The FBI said in a statement that it had already addressed the flaws noted in Durham's report.

"The conduct in 2016 and 2017 that Special Counsel Durham examined was the reason that current FBI leadership already implemented dozens of corrective actions, which have now been in place for some time. Had those reforms been in place in 2016, the missteps identified in the report could have been prevented," a bureau spokesperson said. "This report reinforces the importance of ensuring the FBI continues to do its work with the rigor, objectivity, and professionalism the American people deserve and rightly expect."

Despite the lack of new information or any criminal convictions, Republicans touted the report on Monday.

House Judiciary Chairman Jim Jordan, R-Ohio, said on Twitter that he would invite Durham to testify next week.

"The Durham Report confirmed what we already knew: weaponized federal agencies manufactured a false conspiracy theory about Trump-Russia collusion," tweeted Florida Gov. Ron DeSantis.

"The Durham Report spells out in great detail the Democrat Hoax that was perpetrated upon me and the American people," Trump wrote on Truth Social. "This totally illegal act had a huge impact on the Election. With an honest Media, we are looking at the Crime of the Century!"

"Congratulations to John Durham on a Report that is being praised for its quality, importance, and professionalism, by friend and foe alike!" he added.

But legal experts largely trashed the document.

"This is it? This is the grand summary? It's Horowitz with some extra commentary," tweeted national security attorney Bradley Moss. "They've got nothing. No grand conspiracy. No effort to take down Trump. It's 'you messed up surveilling Page' and 'be more careful next time with political-affiliated sources.' What a flop."

Former federal prosecutor Renato Mariotti said that Durham's report is "full of 'observations' but does not present evidence of uncharged crimes, as Mueller did."

"It reads more like Durham's spin on the OIG report than a prosecutorial document," he wrote. "Combined with his lack of success in the courtroom, this investigation was a flop."

Former U.S. Attorney Harry Litman said there "really is no precedent for the Durham report."

"Mueller's long report explained precisely his reasons for his prosecutorial decisions.  Durham just recycles old cavils about the launching of the Russia investigation that have zero connection to any alleged crime. It's bogus," he tweeted.

"The justification for going WAY outside of the regulatory mandate to explain prosecutorial decisions is the Oct 2020 directive from Barr.  This is a corruption of the special counsel process to deliver a political broadside by a prosecutor whose work added up to next to nothing," Litman added.
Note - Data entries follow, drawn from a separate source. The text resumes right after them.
Lemma det_divmx : \det divmx = 1.
Proof.
rewrite [LHS]/determinant -(big_rmcond (fun s : {perm 'I_n} => s == 1%g)) => [|s s_neq1].
  rewrite big_pred1_eq odd_perm1 mul1r; under eq_bigr do rewrite mxE perm1 dvdnn.
  by rewrite big1.
under eq_bigr do rewrite mxE; rewrite prod_natb.
case: forallP => [dvd_s|]; last by rewrite mulr0.
suff s1 : s = 1%g by rewrite s1 eqxx in s_neq1.
apply: (perm_eq_of_le x_inj) => v; rewrite perm1.
exact: dvdn_leq (x_gt0 v) (dvd_s v).
Qed.

Definition wmrs_factor (j : 'I_m.+1) : 'M[C]_n := if j == ord0 then 1%:M else divmx.

Lemma prod_wmrs_factor (i k : {ffun 'I_m.+1 -> 'I_n}) :
  \prod_j wmrs_factor j (i j) (k j)
  = ((k ord0 == i ord0) && [forall j : 'I_m, x (k (lift ord0 j)) %| x (i (lift ord0 j))]%N)%:R.
Proof.
rewrite big_ord_recl /wmrs_factor eqxx mxE eq_sym -mulnb natrM -prod_natb.
by congr (_ * _); apply: eq_bigr => j _; rewrite eq_sym (negbTE (neq_lift _ _)) mxE.
Qed.

Lemma det_wmrs_factor j : \det (wmrs_factor j) = 1.
Proof. by rewrite /wmrs_factor; case: eqP => _; rewrite ?det1 ?det_divmx. Qed.

(* The chain [x (k 0), ..., x (k m), 1] plays the role of [n_1, d_1^g_1, ..., d_m^g_m, 1]
   in [echain]. *)
Definition xchain (k : {ffun 'I_m.+1 -> 'I_n}) (l : nat) : nat :=
  if l is l'.+1 then oapp (fun j => x (k (lift ord0 j))) 1%N (insub l') else x (k ord0).

Lemma xchain_ord k (j : 'I_m.+1) : xchain k j = x (k j).
Proof. by case: (unliftP ord0 j) => [j' -> | ->] //=; rewrite add0n valK. Qed.

Definition wmrs_term (k : {ffun 'I_m.+1 -> 'I_n}) : C :=
  xi [ffun j => x (k (lift ord0 j))] * \prod_(l < m.+1) argq (f l) (xchain k l) (xchain k l.+1).

Definition wmrs_core (k : {ffun 'I_m.+1 -> 'I_n}) : C :=
  [forall j, is_pow (g j) (x (k (lift ord0 j)))]%:R * wmrs_term k.

Lemma wmrs_term_dvd k : wmrs_term k != 0 ->
  forall a b : 'I_m.+1, (a <= b)%N -> (x (k b) %| x (k a))%N.
Proof.
rewrite mulf_eq0 negb_or => /andP[_ /prodf_neq0 argq_neq0].
have step (l : 'I_m.+1) : (xchain k l.+1 %| xchain k l)%N.
  by move: (argq_neq0 l isT); rewrite /argq; case: and3P => [[_ _ ->] | _] //; rewrite eqxx.
suff dvd_chain (a b : nat) : (a <= b <= m)%N -> (xchain k b %| xchain k a)%N.
  by move=> a b ab; rewrite -!xchain_ord dvd_chain // ab -ltnS ltn_ord.
elim: b => [|b IHb] /andP[ab bm]; first by rewrite leqn0 in ab; rewrite (eqP ab).
case: (ltngtP a b.+1) ab => // [ab _ | -> _] //.
apply: dvdn_trans (step (Ordinal (leqW bm))) _.
by apply: IHb; rewrite -ltnS ab ltnW.
Qed.

Lemma wmrs_core_le k : wmrs_core k != 0 -> forall j, (x (k j) <= x (k ord0))%N.
Proof.
rewrite mulf_eq0 negb_or => /andP[_ /wmrs_term_dvd k_dvd] j.
exact: dvdn_leq (x_gt0 _) (k_dvd ord0 j (leq0n _)).
Qed.

Lemma wmrs_core_const v :
  wmrs_core [ffun => v]
  = (\prod_(j < m) f (widen_ord (leqnSn m) j) 1%N) *
    (xi [ffun => x v] * fpow (\big[lcmn/1%N]_(j < m) g j) (f ord_max) (x v)).
Proof.
have xchain_const (l : nat) : (l <= m)%N -> xchain [ffun => v] l = x v.
  by case: l => [|l] l_le; rewrite /xchain ?insubT //= ffunE.
have xchain_last : xchain [ffun => v] m.+1 = 1%N by rewrite /xchain insubF ?ltnn.
rewrite /wmrs_core /wmrs_term /fpow -is_pow_biglcm //.
have -> : [forall j, is_pow (g j) (x ([ffun => v] (lift ord0 j)))] = [forall j, is_pow (g j) (x v)].
  by apply: eq_forallb => j; rewrite ffunE.
have -> : [ffun j => x ([ffun => v] (lift ord0 j))] = [ffun => x v] :> {ffun 'I_m -> nat}.
  by apply/ffunP => j; rewrite !ffunE.
rewrite big_ord_recr xchain_const // xchain_last argqn1 //.
rewrite (eq_bigr (fun l => f (widen_ord (leqnSn m) l) 1%N)) => [|l _]; last first.
  by have l_lt := ltn_ord l; rewrite !xchain_const ?argqnn // ltnW.
by case: ifP => _; rewrite ?mul1r ?mul0r ?mulr0 // mulrCA.
Qed.

Section Contraction.

Variable i : {ffun 'I_m.+1 -> 'I_n}.

Definition wmrs_index (d : {ffun 'I_m -> 'I_(x (i ord0)).+1}) : bool :=
  [forall j, (0 < d j)%N && (d j ^ g j %| gcd_upto (fun l => x (i l)) j.+1)%N].

Definition represents (d : {ffun 'I_m -> 'I_(x (i ord0)).+1}) (k : {ffun 'I_m.+1 -> 'I_n}) : bool :=
  (k ord0 == i ord0) && [forall j, x (k (lift ord0 j)) == d j ^ g j]%N.

Lemma echain_xchain d k : represents d k ->
  echain g (fun l => x (i l)) (fun j => d j) =1 xchain k.
Proof.
case/andP=> /eqP k0 /forallP kd [|l] /=; first by rewrite /echain k0.
by rewrite /echain /dpow /=; case: insub => //= j; rewrite (eqP (kd j)).
Qed.

Lemma wmrs_summand_represented d : wmrs_index d ->
  xi [ffun j => (d j ^ g j)%N] *
    \prod_(l < m.+1) argq (f l) (echain g (fun l => x (i l)) (fun j => d j) l)
                                (echain g (fun l => x (i l)) (fun j => d j) l.+1)
  = \sum_(k | represents d k) wmrs_term k.
Proof.
move=> /forallP d_index.
have /fin_all_exists [a xa] j : exists a : 'I_n, x a = (d j ^ g j)%N.
  have /andP[d_gt0 d_dvd] := d_index j.
  have dg_gt0 : (0 < d j ^ g j)%N by rewrite expn_gt0 d_gt0.
  exact: x_fclosed dg_gt0 (dvdn_trans d_dvd (biggcdn_inf ord0 _ (dvdnn _))).
pose k0 := [ffun l => if unlift ord0 l is Some j then a j else i ord0].
rewrite (big_pred1 k0) => [|k]; last first.
  apply/andP/eqP => [[/eqP k0_eq /forallP kd] | ->].
    apply/ffunP => l; rewrite ffunE; case: unliftP => [j -> | ->] //.
    by apply: x_inj; rewrite xa (eqP (kd j)).
  by rewrite !ffunE unlift_none; split=> //; apply/forallP => j; rewrite ffunE liftK xa.
have k0_repr : represents d k0.
  by rewrite /represents !ffunE unlift_none eqxx; apply/forallP => j; rewrite ffunE liftK xa.
rewrite /wmrs_term; congr (xi _ * _).
  by apply/ffunP => j; rewrite !ffunE liftK xa.
by apply: eq_bigr => l _; rewrite !(echain_xchain k0_repr).
Qed.

Lemma represents_inj d1 d2 k : represents d1 k -> represents d2 k -> d1 = d2.
Proof.
move=> /andP[_ /forallP kd1] /andP[_ /forallP kd2]; apply/ffunP => j; apply: val_inj.
by apply/eqP; rewrite -(eqn_exp2r _ _ (g_gt0 j)) -(eqP (kd1 j)) -(eqP (kd2 j)).
Qed.

Lemma exists_represented k : wmrs_term k != 0 ->
  [exists d, wmrs_index d && represents d k]
  = [&& k ord0 == i ord0, [forall j, x (k (lift ord0 j)) %| x (i (lift ord0 j))]%N
      & [forall j, is_pow (g j) (x (k (lift ord0 j)))]].
Proof.
move=> term_neq0; have k_dvd := wmrs_term_dvd term_neq0.
apply/existsP/and3P => [[d /andP[/forallP d_index /andP[/eqP k0 /forallP kd]]] |
                        [/eqP k0 /forallP ki_dvd /forallP k_pow]].
  split; [by rewrite k0 | apply/forallP => j | apply/forallP => j].
    have /andP[_ d_dvd] := d_index j; rewrite (eqP (kd j)).
    exact: dvdn_trans d_dvd (biggcdn_inf (lift ord0 j) _ (dvdnn _)).
  apply/(is_powP (g_gt0 j) (x_gt0 _)); exists (d j); first by case/andP: (d_index j).
  exact/esym/eqP/kd.
have /fin_all_exists [r r_root] j :
    exists r : 'I_(x (i ord0)).+1, (0 < r)%N && (x (k (lift ord0 j)) == r ^ g j)%N.
  have /(is_powP (g_gt0 j) (x_gt0 _)) [r r_gt0 rk] := k_pow j.
  have r_lt : (r < (x (i ord0)).+1)%N.
    rewrite ltnS -k0 (@leq_trans (r ^ g j)) //; first by rewrite -{1}(expn1 r) leq_pexp2l.
    by rewrite rk; apply: dvdn_leq (x_gt0 _) (k_dvd ord0 (lift ord0 j) (leq0n _)).
  by exists (Ordinal r_lt); rewrite r_gt0 rk eqxx.
exists [ffun j => r j]; apply/andP; split; last first.
  by rewrite /represents k0 eqxx; apply/forallP => j; rewrite ffunE; case/andP: (r_root j).
apply/forallP => j; rewrite ffunE; have /andP[-> /eqP <-] := r_root j.
apply/dvdn_biggcdP => l; case: (unliftP ord0 l) => [l' -> | ->] l_le; last first.
  by rewrite -k0; apply: (k_dvd ord0 (lift ord0 j)) (leq0n _).
exact: dvdn_trans (k_dvd (lift ord0 l') (lift ord0 j) l_le) (ki_dvd l').
Qed.

Lemma wmrs_contract :
  wmrs g xi f (fun l => x (i l))
  = \sum_(k : {ffun 'I_m.+1 -> 'I_n}) (\prod_j wmrs_factor j (i j) (k j)) * wmrs_core k.
Proof.
rewrite /wmrs (eq_bigr _ wmrs_summand_represented).
rewrite (exchange_big_dep xpredT) //; apply: eq_bigr => k _.
rewrite prod_wmrs_factor /wmrs_core mulrA -natrM mulnb -andbA.
have [-> | term_neq0] := eqVneq (wmrs_term k) 0; first by rewrite mulr0 big1.
rewrite -exists_represented //.
case: (pickP (fun d => wmrs_index d && represents d k)) => [d d_repr | no_d]; last first.
  rewrite big_pred0 //; case: existsP => [[d] | _]; [by rewrite no_d | by rewrite mul0r].
have -> : [exists d, wmrs_index d && represents d k] by apply/existsP; exists d.
rewrite mul1r (big_pred1 d) // => d'; apply/idP/eqP => [/andP[_ d'_repr] | -> //].
by case/andP: d_repr => _ /(represents_inj d'_repr).
Qed.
Former FBI official Frank Figliuzzi noted in an appearance on MSNBC that Durham was "once a highly respected, hard-nosed prosecutor."

He "has twisted himself into a pretzel in an attempt to deliver what he could not deliver," he said. "The goal was to rack up many, many indictments... he's failed miserably."

Former federal prosecutor Andrew Weissmann, who served on Mueller's team, called Durham's report a "big fat nothing."

"You wanna talk about a witch hunt or sort of, real, wasted resources," he told MSNBC. "If John Durham was really just doing an investigation to talk about, what are better policies and practices that the FBI could have and was depoliticizing it, I would've been all for that and said, 'Great. There's no agency that can't use greater scrutiny.' But this was trying to say that there's a big there, there when there's no, there, there."